Segment Open

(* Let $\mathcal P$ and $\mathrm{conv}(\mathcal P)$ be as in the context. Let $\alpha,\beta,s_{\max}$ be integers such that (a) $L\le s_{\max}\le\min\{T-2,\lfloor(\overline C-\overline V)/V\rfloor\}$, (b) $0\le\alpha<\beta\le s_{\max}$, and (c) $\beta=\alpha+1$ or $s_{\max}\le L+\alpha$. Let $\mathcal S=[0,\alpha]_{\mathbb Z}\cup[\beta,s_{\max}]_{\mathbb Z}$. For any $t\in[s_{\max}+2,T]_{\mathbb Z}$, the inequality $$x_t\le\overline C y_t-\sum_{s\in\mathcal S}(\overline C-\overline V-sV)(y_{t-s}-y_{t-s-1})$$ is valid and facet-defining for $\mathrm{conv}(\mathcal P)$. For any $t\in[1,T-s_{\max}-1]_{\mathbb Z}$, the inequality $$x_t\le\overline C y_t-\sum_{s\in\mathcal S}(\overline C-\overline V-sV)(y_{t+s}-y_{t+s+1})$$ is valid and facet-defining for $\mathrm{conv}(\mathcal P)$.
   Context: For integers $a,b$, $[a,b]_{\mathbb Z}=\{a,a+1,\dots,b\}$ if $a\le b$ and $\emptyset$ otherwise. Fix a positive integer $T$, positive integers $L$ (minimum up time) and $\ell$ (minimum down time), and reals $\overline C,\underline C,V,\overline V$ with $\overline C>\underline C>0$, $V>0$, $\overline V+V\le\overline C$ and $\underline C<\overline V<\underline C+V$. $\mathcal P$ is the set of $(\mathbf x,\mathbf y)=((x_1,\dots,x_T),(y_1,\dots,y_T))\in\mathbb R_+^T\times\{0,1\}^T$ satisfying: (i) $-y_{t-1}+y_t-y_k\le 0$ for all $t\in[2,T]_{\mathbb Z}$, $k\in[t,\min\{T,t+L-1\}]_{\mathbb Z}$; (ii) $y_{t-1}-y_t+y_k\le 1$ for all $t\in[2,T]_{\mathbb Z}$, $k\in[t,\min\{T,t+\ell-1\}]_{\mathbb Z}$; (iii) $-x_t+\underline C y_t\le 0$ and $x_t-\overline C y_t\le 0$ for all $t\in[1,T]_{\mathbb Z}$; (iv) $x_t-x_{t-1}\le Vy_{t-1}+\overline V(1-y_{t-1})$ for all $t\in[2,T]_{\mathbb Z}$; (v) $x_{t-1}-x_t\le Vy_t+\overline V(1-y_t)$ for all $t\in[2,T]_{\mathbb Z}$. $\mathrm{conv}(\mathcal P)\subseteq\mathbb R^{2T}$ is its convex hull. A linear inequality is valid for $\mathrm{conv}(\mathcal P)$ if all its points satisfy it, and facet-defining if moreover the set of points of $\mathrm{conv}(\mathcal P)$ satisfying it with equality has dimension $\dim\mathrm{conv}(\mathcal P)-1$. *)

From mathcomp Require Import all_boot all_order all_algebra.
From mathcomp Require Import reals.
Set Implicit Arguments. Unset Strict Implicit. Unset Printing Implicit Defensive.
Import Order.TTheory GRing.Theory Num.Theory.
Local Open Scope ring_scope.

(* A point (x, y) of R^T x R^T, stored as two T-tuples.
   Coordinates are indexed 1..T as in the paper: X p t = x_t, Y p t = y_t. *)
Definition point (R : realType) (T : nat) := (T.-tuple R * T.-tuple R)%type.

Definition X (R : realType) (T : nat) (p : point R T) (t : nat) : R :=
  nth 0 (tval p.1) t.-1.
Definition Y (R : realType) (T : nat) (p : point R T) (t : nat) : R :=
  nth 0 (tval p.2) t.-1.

Segment Closed

# Work to complete
Beginning at the line that holds "From mathcomp Require Import all_boot", write out word for word each line through the end of the records.

# Answer area
From mathcomp Require Import all_boot all_order all_algebra.
From mathcomp Require Import reals.
Set Implicit Arguments. Unset Strict Implicit. Unset Printing Implicit Defensive.
Import Order.TTheory GRing.Theory Num.Theory.
Local Open Scope ring_scope.

(* A point (x, y) of R^T x R^T, stored as two T-tuples.
   Coordinates are indexed 1..T as in the paper: X p t = x_t, Y p t = y_t. *)
Definition point (R : realType) (T : nat) := (T.-tuple R * T.-tuple R)%type.

Definition X (R : realType) (T : nat) (p : point R T) (t : nat) : R :=
  nth 0 (tval p.1) t.-1.
Definition Y (R : realType) (T : nat) (p : point R T) (t : nat) : R :=
  nth 0 (tval p.2) t.-1.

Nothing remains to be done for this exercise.